被災した「サバ缶」を洗って売ろう。石巻の缶詰工場を支援した東京の商店街
いまだ復興のゴールには至らない、各地に甚大な被害をもたらした「東日本大震災」。宮城県・石巻市の、ある水産加工品工場も大津波に飲まれ壊滅しました。そんな窮地に追い込まれた工場に救いの手を差し伸べたのは、遠く離れた東京・経堂(きょうどう)の小さな商店街。石巻市の工場跡地に埋まっていた泥まみれの缶詰を、経堂の商店街の人々が引き受け、ひとつひとつ手洗いをして売るという気が遠のくほど地道な支援活動でした。ボランティア当事者であり、話題の新刊「蘇るサバ缶 震災と希望と人情商店街」(廣済堂出版)の著者である須田泰成さんに、往時の様子と「コミュニティと社会貢献の関係」についてお話をうかがいました。
被災地を救うべく立ち上がった東京の小さな商店街
「泥に埋もれていた缶詰の強いにおいは、いまだに忘れられません。缶に重油がびっしりとこびりつき、洗ってもなかなか落ちない。この作業がいつまで続くのだろう……と不安な気持ちでいっぱいになりました」。被災した缶詰工場の救済に立ち上がった須田さんは過日を振り返り、こう語りました。

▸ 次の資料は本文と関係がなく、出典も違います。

Lemma grun_spec (bs : seq ({set T} * option T)) (s out : T -> option 'I_m) :
  (forall B pu u, (B, pu) \in bs -> pu = Some u -> u \in B) ->
  pairwise meets_at_parent bs ->
  (forall B pu x, (B, pu) \in bs -> x \in B -> s x != None -> pu = Some x) ->
  grun s bs out ->
  [/\ forall x, s x != None -> out x = s x,
      forall B pu x, (B, pu) \in bs -> x \in B -> out x != None,
      forall B pu x y, (B, pu) \in bs -> x \in B -> y \in B -> x != y -> out x != out y
    & load_invariant (load s) #|assigned s| -> load_invariant (load out) #|assigned out|].
Proof.
elim: bs s => [|[B pu] bs IH] s parent_in /= meets fresh.
  move=> eq_out; have eq_load M : load out M = load s M.
    by apply: eq_card => x; rewrite !inE eq_out.
  split=> // inv; rewrite (_ : assigned out = assigned s).
    by apply: eq_load_invariant inv => M; rewrite eq_load.
  by apply/setP=> x; rewrite !inE eq_out.
move=> [s1 [step run]]; move: meets => /andP [meets_B meets].
have in_bs B' pu' : (B', pu') \in bs -> (B', pu') \in (B, pu) :: bs.
  by move=> inbs; rewrite in_cons inbs orbT.
have parent_in_B u : pu = Some u -> u \in B by apply: parent_in; rewrite mem_head.
have fresh_B x : x \in B -> s x != None -> pu = Some x by apply: fresh; rewrite mem_head.
have ext := gstep_extension parent_in_B fresh_B step.
have fresh1 B' pu' x : (B', pu') \in bs -> x \in B' -> s1 x != None -> pu' = Some x.
  move=> inbs xB' /(extension_assigned ext) [sx|xB]; first exact: fresh (in_bs _ _ inbs) xB' sx.
  have /forall_inP /(_ x) := allP meets_B _ inbs.
  by rewrite inE xB xB' => /(_ isT) /eqP.
have parent_in1 B' pu' u : (B', pu') \in bs -> pu' = Some u -> u \in B'.
  by move/in_bs; apply: parent_in.
have [keep covers proper inv] := IH s1 parent_in1 meets fresh1 run.
have old_uniq : {in B &, forall x y, s x != None -> s y != None -> x = y}.
  by move=> x y xB yB /(fresh_B x xB) px /(fresh_B y yB); rewrite px => -[].
split.
- by move=> x sx; have s1x := extension_keep ext sx; rewrite keep ?s1x.
- move=> B' pu' x; rewrite in_cons => /orP [/eqP [-> _]|inbs] xB'; last exact: covers inbs xB'.
  by have s1x := extension_covers ext xB'; rewrite keep.
- move=> B' pu' x y; rewrite in_cons => /orP [/eqP [-> _]|inbs] xB' yB' xy.
    have s1x := extension_covers ext xB'; have s1y := extension_covers ext yB'.
    by rewrite !keep //; exact: (extension_proper ext old_uniq xB' yB' xy).
  exact: proper inbs xB' yB' xy.
- by move=> inv0; apply/inv/(extension_load_invariant ext).
Qed.

End GreedyRun.

Lemma pairwise_pmap (U V : eqType) (f : U -> option V) (r : rel V) (s : seq U) :
  pairwise (fun x y => if (f x, f y) is (Some p, Some q) then r p q else true) s ->
  pairwise r (pmap f s).
Proof.
elim: s => //= x s IH /andP [rel_x /IH {}IH]; case E: (f x) => [p|] //=.
rewrite IH andbT; apply/allP=> q; rewrite mem_pmap => /mapP [y ys fy].
by have := allP rel_x y ys; rewrite E -fy.
Qed.

Section BlockCutForest.
Variables (T : finType) (e : rel T).

Lemma clique_sub_block (C : {set T}) x :
  is_clique e C -> x \in C -> exists2 B, is_block e B & C \subset B.
Proof.
have cliqueP (D : {set T}) :
    reflect (is_clique e D) [forall a in D, forall b in D, (a != b) ==> e a b].
  apply: (iffP forall_inP) => [cl a b aD bD ab | cl a aD].
    by have /forall_inP /(_ b bD) /implyP := cl a aD; apply.
  by apply/forall_inP => b bD; apply/implyP; apply: cl.
move=> /cliqueP cl_C xC.
have [B /andP [/cliqueP cl_B sub_CB] max_B] :=
  @arg_maxnP _ C (fun D => [forall a in D, forall b in D, (a != b) ==> e a b] && (C \subset D))
    (fun D => #|D|) (introT andP (conj cl_C (subxx C))).
exists B => //; split=> //; first by apply/set0Pn; exists x; apply: (subsetP sub_CB).
move=> D cl_D sub_BD; apply/eqP; rewrite eq_sym eqEcard sub_BD /=.
by apply: max_B; rewrite (subset_trans sub_CB sub_BD) andbT; apply/cliqueP.
Qed.

Variable par : bc_node T -> option (bc_node T).
Hypothesis root : rooting e par.

Lemma mem_block_seq (s : seq (bc_node T)) B pu :
  ((B, pu) \in block_seq par s) = (inl B \in s) && (pu == parent_cut par (inl B)).
Proof.
rewrite mem_pmap; apply/mapP/andP => [[[B'|v] //= ys [-> ->]]|[Bs /eqP ->]] //.
by exists (inl B).
Qed.

Lemma block_seq_parent_in s B pu u :
  (B, pu) \in block_seq par s -> pu = Some u -> u \in B.
Proof.
case: root => par_adj _ _; rewrite mem_block_seq => /andP [_ /eqP ->].
rewrite /parent_cut; case E: (par (inl B)) => [[B'|v]|] //= [<-].
by have [_ _] := par_adj _ _ E.
Qed.

(* A vertex shared by two blocks is a cut-vertex adjacent to both; unless it
   is the parent of the later block, it is the parent of the earlier one and
   a child of the later one, so the earlier block descends from the later. *)
Lemma preorder_meets_at_parent s :
  preorder e par s -> pairwise (@meets_at_parent T) (block_seq par s).
Proof.
case: root => _ par_or_child _ [us in_s desc_index _]; apply: pairwise_pmap.
apply/(pairwiseP (inl set0)) => i j; rewrite !inE => ilt jlt ij.
case Ex: (nth _ s i) => [B1|v] //; case Ey: (nth _ s j) => [B2|w] //=.
have B1s : inl B1 \in s by rewrite -Ex mem_nth.
have B2s : inl B2 \in s by rewrite -Ey mem_nth.
have [bB1 bB2] : is_block e B1 /\ is_block e B2 by split; apply/(in_s (inl _)).
have iB1 : index (inl B1) s = i by rewrite -Ex index_uniq.
have iB2 : index (inl B2) s = j by rewrite -Ey index_uniq.
have B12 : B1 != B2 by apply: contraTneq ij => eqB; rewrite -iB1 -iB2 eqB ltnn.
apply/forall_inP => x; rewrite inE => /andP [xB1 xB2] /=.
have cut_x : is_cut e x by exists B1, B2.
have [par_B2|par_x] := par_or_child (inl B2) (inr x) bB2 cut_x xB2.
  by rewrite /parent_cut par_B2.
have [par_B1|] := par_or_child (inl B1) (inr x) bB1 cut_x xB1; last first.
  by rewrite par_x => -[eqB]; rewrite eqB eqxx in B12.
have desc21 : desc par (inl B2) (inl B1).
  by apply: (connect_trans (y := inr x)); apply: connect1; rewrite /= ?par_B1 ?par_x.
by have := desc_index _ _ B2s B1s desc21; rewrite iB1 iB2 leqNgt ij.
Qed.

Lemma clique_sub_block_seq s (C : {set T}) x :
  preorder e par s -> is_clique e C -> x \in C ->
  exists2 B, (B, parent_cut par (inl B)) \in block_seq par s & C \subset B.
Proof.
move=> [_ in_s _ _] cl_C /(clique_sub_block cl_C) [B bB sub_CB]; exists B => //.
by rewrite mem_block_seq eqxx andbT; apply/(in_s (inl B)).
Qed.

End BlockCutForest.

Theorem mainTheorem3 (T : finType) (e : rel T) (m d r : nat)
    (out : T -> option 'I_m) :
  symmetric e -> irreflexive e -> block_graph e ->
  2 <= m -> 1 <= #|T| -> clique_bound e m ->
  #|T| = d * (m - 1) + r -> r <= m - 2 ->
  greedy_output e out ->
  [/\ forall x, out x != None,
      forall x y, e x y -> out x != out y,
      forall M, load out M <= ceil_div #|T| (m - 1),
      r = 0 -> exists M, load out M < ceil_div #|T| (m - 1)
    & 0 < r -> m - r <= #|[set M | load out M < ceil_div #|T| (m - 1)]|].
Proof.
move=> e_sym e_irr _ m_ge2 T_gt0 _ def_n r_le [par [s [root pre run]]].
have none_fresh B pu x : (B, pu) \in block_seq par s -> x \in B ->
  (fun=> None : option 'I_m) x != None -> pu = Some x by [].
have [_ covers proper inv] := grun_spec (block_seq_parent_in root (s := s))
  (preorder_meets_at_parent root pre) none_fresh run.
have out_total x : out x != None.
  have cl_x : is_clique e [set x] by move=> a b /set1P -> /set1P ->; rewrite eqxx.
  have [B inB /subsetP/(_ x (set11 x))] := clique_sub_block_seq pre cl_x (set11 x).
  exact: covers _ _ _ inB.
have inv_out : load_invariant (load out) #|T|.
  rewrite -cardsT -(_ : assigned out = setT); last by apply/setP=> x; rewrite !inE out_total.
  apply: inv; apply: (eq_load_invariant (l1 := fun=> 0)); last exact: load_invariant0.
  by move=> M; apply/esym/eqP; rewrite cards_eq0; apply/eqP/setP=> x; rewrite !inE.
have [load_le ? ?] := load_invariant_ceil_bounds m_ge2 T_gt0 def_n r_le inv_out.
split=> // x y exy.
have xy : x != y by apply: contraTneq exy => ->; rewrite e_irr.
have cl_xy : is_clique e [set x; y].
  by move=> a b /set2P [] -> /set2P [] -> //; rewrite ?eqxx // => _; rewrite e_sym.
have [B inB /subsetP sub_B] := clique_sub_block_seq pre cl_xy (setU11 x [set y]).
by apply: (proper _ _ _ _ inB) xy; apply: sub_B; rewrite !inE eqxx ?orbT.
Qed.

2018年3月8日(サバの日)に発売された書籍「蘇るサバ缶 震災と希望と人情商店街」(廣済堂出版)。刷りを重ね、発売から3か月が経った現在も「読んでいて胸が熱くなった」「温かい人の情に触れ、涙があふれた」と多くの支持を集め、売れ続けています。

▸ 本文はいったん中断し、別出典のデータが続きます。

Lemma exR_adjoint (G A : C) (ψ : P D (prod G A)) (g : P D G) :
  leq (exR ψ) g <-> leq ψ (rx p1 g).
Proof.
  unfold exR. destruct (excluded_middle_informative (stable_initial A)) as [S | hA].
  - rewrite (eaco_fibre_trivial S p2 ψ (rx p1 g)).
    split; intros; [apply leq_refl | apply bot_least].
  - apply sigmaR_adjoint.
Qed.

Lemma exL_adjoint (A G : C) (ψ : P D (prod A G)) (g : P D G) :
  leq (exL ψ) g <-> leq ψ (rx p2 g).
Proof.
  unfold exL. destruct (excluded_middle_informative (stable_initial A)) as [S | hA].
  - rewrite (eaco_fibre_trivial S p1 ψ (rx p2 g)).
    split; intros; [apply leq_refl | apply bot_least].
  - apply sigmaL_adjoint.
Qed.

Lemma exR_beck_chevalley (G A X : C) (h : hom X G) (ψ : P D (prod G A)) :
  rx h (exR ψ) = exR (rx (prodmap h (idm A)) ψ).
Proof.
  unfold exR. destruct (excluded_middle_informative (stable_initial A)).
  - apply rx_bot.
  - apply sigmaR_beck_chevalley.
Qed.

Lemma exL_beck_chevalley (A G X : C) (h : hom X G) (ψ : P D (prod A G)) :
  rx h (exL ψ) = exL (rx (prodmap (idm A) h) ψ).
Proof.
  unfold exL. destruct (excluded_middle_informative (stable_initial A)).
  - apply rx_bot.
  - apply sigmaL_beck_chevalley.
Qed.

Lemma exR_frobenius (G A : C) (ψ : P D (prod G A)) (b : P D G) :
  exR (meet El ψ (rx p1 b)) = meet El b (exR ψ).
Proof.
  unfold exR. destruct (excluded_middle_informative (stable_initial A)).
  - apply leq_antisym; [apply meet_greatest; apply bot_least | apply meet_lb_r].
  - apply sigmaR_frobenius.
Qed.

Lemma exL_frobenius (A G : C) (ψ : P D (prod A G)) (b : P D G) :
  exL (meet El ψ (rx p2 b)) = meet El b (exL ψ).
Proof.
  unfold exL. destruct (excluded_middle_informative (stable_initial A)).
  - apply leq_antisym; [apply meet_greatest; apply bot_least | apply meet_lb_r].
  - apply sigmaL_frobenius.
Qed.

End Eaco.

Theorem mainTheorem11 (C : FPCat) (D : Doctrine C) (E : Eaco D) :
  existential (el_prim (e_el E)).
Proof.
  exists (exR E), (exL E).
  exact (conj (exR_adjoint E) (conj (exR_beck_chevalley E) (conj (exR_frobenius E)
        (conj (exL_adjoint E) (conj (exL_beck_chevalley E) (exL_frobenius E)))))).
Qed.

この「蘇るサバ缶~」は、2011年3月11日に発生した東日本大震災で希望を捨てなかった人々の姿を追うノンフィクション。危難に遭った宮城県の食品加工メーカー「木の屋石巻水産」と、津波でダメージを受けてラベルがはがれたものの中身は大丈夫だったサバの缶詰などを手洗いして販売し、売り上げを義援金に充てた東京の商店街との強い絆を描いた実話です。
著者は須田泰成さん(50)。テレビやラジオ、イベントなどのプロデューサーであり、伝説のコメディグループの全貌を著した『モンティパイソン大全』など喜劇に長けたライターとしても名を馳せています。また東京都世田谷区「経堂」(きょうどう)の活性化をはかる「経堂系ドットコム」を運営。イベント酒場「経堂さばのゆ」の店主でもあります。
東北と東京の絆を結んだのは「サバの缶詰」だった
小田急小田原線「経堂」駅を降りると、東京農業大学へと続く「経堂農大通り商店街」をはじめ、駅の四周を商圏が囲んでいます。世田谷区にありながら山の手セレブなイメージからかけ離れた、昭和の下町を思わせる懐かしい雰囲気です。

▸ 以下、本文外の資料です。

Lemma sigma_bigcup_in (P : set nat) F :
  (forall n, P n -> <<s G >> (F n)) -> <<s G >> (\bigcup_(n in P) F n).
Proof.
move=> GF; rewrite bigcup_mkcond; apply: (@sigma_algebra_bigcup _ setT G) => n.
by case: ifPn => [/set_mem/GF //|_]; exact: (@sigma_algebra0 _ setT G).
Qed.

Lemma sigma_bigcap_in (P : set nat) F :
  (forall n, P n -> <<s G >> (F n)) -> <<s G >> (\bigcap_(n in P) F n).
Proof.
move=> GF; rewrite bigcap_mkcond; apply: sigma_bigcap => n.
by case: ifPn => [/set_mem/GF //|_]; exact: sigma_setT.
Qed.

Lemma sigma_setU A B : <<s G >> A -> <<s G >> B -> <<s G >> (A `|` B).
Proof.
move=> GA GB; rewrite -bigcup2E; apply: (@sigma_algebra_bigcup _ setT G) => -[|[|n]] //=.
exact: (@sigma_algebra0 _ setT G).
Qed.

Lemma sigma_setI A B : <<s G >> A -> <<s G >> B -> <<s G >> (A `&` B).
Proof.
move=> GA GB; rewrite -bigcap2E; apply: sigma_bigcap => -[|[|n]] //=.
exact: sigma_setT.
Qed.

Lemma sigma_preimage_cst (n k : nat) : <<s G >> ((fun=> n) @^-1` [set k]).
Proof.
have [->|nk] := eqVneq n k; first by rewrite preimage_cst /= mem_set //; exact: sigma_setT.
by rewrite preimage_cst memNset /=; [exact: (@sigma_algebra0 _ setT G)|exact/eqP].
Qed.

Lemma sigma_preimage_if A (f g : T -> nat) k :
  <<s G >> A -> <<s G >> (f @^-1` [set k]) -> <<s G >> (g @^-1` [set k]) ->
  <<s G >> ((fun x => if `[< A x >] then f x else g x) @^-1` [set k]).
Proof.
move=> GA Gf Gg.
rewrite (_ : _ @^-1` _ = (A `&` f @^-1` [set k]) `|` (~` A `&` g @^-1` [set k])).
  by apply: sigma_setU; apply: sigma_setI => //; exact: sigma_setC.
by apply/seteqP; split => x /=; case: asboolP; tauto.
Qed.

End generated_sigma_algebra.

Section Borel_sets.
Variable X : topologicalType.
Implicit Types (A : set X) (f g : X -> X).

Lemma Borel_map_iter n f : Borel_map f -> Borel_map (iter n f).
Proof. by move=> Bf; elim: n => [//|n IH] A /Bf/IH. Qed.

Lemma Borel2_setX A1 A2 : Borel A1 -> Borel A2 -> Borel2 (A1 `*` A2).
Proof. by move=> BA1 BA2; apply: sub_sigma_algebra; exists A1, A2. Qed.

Lemma Borel2_graph (B : nat -> set X) f g :
  (forall k, Borel (B k)) -> (forall x y, x <> y -> exists k, B k x /\ ~ B k y) ->
  Borel_map f -> Borel_map g -> Borel2 [set p | f p.1 = g p.2].
Proof.
move=> BB sepB Bf Bg.
(* f x = g y iff no B k contains exactly one of them *)
rewrite (_ : [set p | _] = \bigcap_k ((f @^-1` B k `*` g @^-1` B k) `|`
                             (f @^-1` (~` B k) `*` g @^-1` (~` B k)))).
  apply: sigma_bigcap => k; have BCk : Borel (~` B k) := sigma_setC (BB k).
  by apply: sigma_setU; apply: Borel2_setX; [apply: Bf | apply: Bg | apply: Bf | apply: Bg].
apply/seteqP; split => -[x y] /=.
  move=> fg k _; rewrite /= fg.
  by case: (pselect (B k (g y))); [left|right].
move=> fg; apply: contrapT => /sepB[k [fk gk]].
by case: (fg k I) => -[].
Qed.

Section metric.
Variable d : X -> X -> Rdefinitions.R.
Hypotheses (d_metric : is_metric d) (d_compatible : metric_compatible d).

Lemma open_metric_ball c r : open [set y | d c y < r].
Proof.
have [_ [_ [_ dtri]]] := d_metric.
apply/d_compatible => x /= xr; exists (r - d c x); rewrite subr_gt0; split => // y.
by have := dtri c x y; lra.
Qed.

Lemma separable_metric_basis : (exists D : set X, countable D /\ closure D = setT) ->
  exists B : nat -> set X, (forall k, Borel (B k)) /\
    forall x (e : Rdefinitions.R), 0 < e -> exists k, B k x /\ forall y, B k y -> d x y < e.
Proof.
have [d_ge0 [d_eq0 [dC dtri]]] := d_metric.
move=> [D [/pfcard_geP[D0|/surjfunPex[u Du]] clD]].
  exists (fun=> set0); split => [k|x]; first exact: (@sigma_algebra0 _ setT open).
  have : closure D x by rewrite clD.
  by rewrite D0 closure0.
have dense x (r : Rdefinitions.R) : 0 < r -> exists n, d (u n) x < r.
  move=> r0; have : closure D x by rewrite clD.
  case/(_ [set y | d x y < r]).
    apply: open_nbhs_nbhs; split; first exact: open_metric_ball.
    by rewrite /= (proj2 (d_eq0 x x) erefl).
  move=> z [Dz xz]; rewrite Du in Dz; case: Dz => n _ unz.
  by exists n; rewrite unz dC.
pose B k := if unpickle k is Some (n, m) then [set y | d (u n) y < m.+1%:R^-1]
            else set0.
exists B; split.
  move=> k; rewrite /B; case: unpickle => [[n m]|].
    by apply: sub_sigma_algebra; exact: open_metric_ball.
  exact: (@sigma_algebra0 _ setT open).
move=> x e e0; have [m] : exists m, 0 + m.+1%:R^-1 < e / 2.
  by apply: ltr_add_invr; rewrite divr_gt0.
rewrite add0r => me.
have [n xn] := dense x _ (ltac:(by rewrite invr_gt0) : 0 < m.+1%:R^-1).
exists (pickle (n, m)); rewrite /B pickleK; split => // y /= ny.
set r := m.+1%:R^-1 in me xn ny.
by have := dtri x (u n) y; rewrite dC in xn; lra.
Qed.

End metric.

Lemma polish_separating : polish X ->
  exists B : nat -> set X, (forall k, Borel (B k)) /\
    forall x y1 y2, x <> y1 -> x <> y2 -> exists k, [/\ B k x, ~ B k y1 & ~ B k y2].
Proof.
move=> [sepX [d [d_metric [d_compatible _]]]].
have [B [BB Bsmall]] := @separable_metric_basis d d_metric d_compatible sepX.
have [d_ge0 [d_eq0 _]] := d_metric.
exists B; split => // x y1 y2 xy1 xy2.
have dpos y : x <> y -> 0 < d x y.
  by move=> xy; rewrite lt_def d_ge0 andbT; apply/eqP => /d_eq0.
have [k [Bx Bk]] := Bsmall x (Num.min (d x y1) (d x y2))
  ltac:(by rewrite lt_min !dpos).
by exists k; split => // /Bk; rewrite lt_min ltxx ?andbF.
Qed.

End Borel_sets.

Section maximal_independent_set.
Variables (X : Type) (s t : X -> X) (B : nat -> set X) (W : set X).
Hypotheses (sK : cancel s t) (tK : cancel t s).

Definition separating k : set X := B k `&` ~` (s @^-1` B k) `&` ~` (t @^-1` B k).

Definition least_separating n : set X :=
  separating n `&` \bigcap_(m < n) ~` separating m.

Fixpoint greedy n : set X :=
  if n is m.+1 then
    greedy m `|` (W `&` least_separating m `&` ~` (s @^-1` greedy m)
                   `&` ~` (t @^-1` greedy m))
  else set0.

Definition mis : set X := \bigcup_n greedy n.

Hypothesis separating_exists : forall x, exists k, separating k x.

Lemma least_separating_exists x : exists n, least_separating n x.
Proof.
have [k xk] := separating_exists x.
have ex : exists k, `[< separating k x >] by exists k; exact/asboolP.
case: (ex_minnP ex) => n /asboolP xn n_min; exists n; split => // m /= mn xm.
by have := n_min m (asboolT xm); rewrite leqNgt mn.
Qed.

Lemma least_separating_neq n x : least_separating n x -> ~ least_separating n (s x).
Proof. by move=> [[[_ nBsx] _] _] [[[Bsx _] _] _]. Qed.

Lemma greedy_mono {m n} : (m <= n)%N -> greedy m `<=` greedy n.
Proof.
move=> /subnK <-; elim: (n - m)%N => [//|k IH] x /IH gx.
by rewrite addSn; left.
Qed.

Lemma greedy_add n x : W x -> least_separating n x ->
  ~ greedy n (s x) -> ~ greedy n (t x) -> greedy n.+1 x.
Proof. by right. Qed.

Lemma misP x : mis x <->
  exists n, [/\ W x, least_separating n x, ~ greedy n (s x) & ~ greedy n (t x)].
Proof.
split=> [[k _]|[n [Wx xn nsx ntx]]]; last by exists n.+1 => //; exact: greedy_add.
by elim: k => [//|k IH] /= [/IH //|[[[Wx xk] nsx] ntx]]; exists k.
Qed.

「正直に言ってメジャーな街ではありません。東京に住んでいても『けいどう』と読み間違える人もいます。でも昔ながらの家族経営の店が少なからず残っていて、好きな人はたまらなく好き、そんな街なんです」
敬愛する評論家の故・植草甚一氏が経堂に住んでいたことから、1988年に初めて移り住んだ須田さん。1997年の消費税アップともに廃業する店が増えたことを憂慮し、ときに経堂好きとして知られる落語家の春風亭昇太師からアドバイスを受けながら、経営難に陥った商店を救済するさまざまな企画をたててきました。
さらに2007年、「経堂に名物を」と、多様なジャンルの料理に使える「サバの缶詰」に着目。サバ缶メニューが味わえる飲食店マップを制作したり、自らサバ缶をコミュニケーションツールとする酒場「経堂さばのゆ」を開店したりするなど普及に努めました。そうして経堂は次第に「サバ缶の街」として知られることに。須田さんが木の屋石巻水産製「金華サバの缶詰」と出会ったのは、このムーブメントの渦中でした。
「缶詰博士と呼ばれる人気ブロガーの黒川勇人さんに勧められ、初めて食べて衝撃を受けました。刺身でも食べられる新鮮な三陸のサバがそのまま詰められている。しかも東京ではほとんど販売がないのだと。『なんてすごいサバ缶だ。これを経堂の飲食店が食材に使うとなれば、おおいに話題になるはず』とひらめき、さっそく木の屋石巻水産に連絡を取りました」
須田さんのアイデアによって宮城県の「木の屋石巻水産」と東京の経堂が友好な関係を築きあげようとしていました。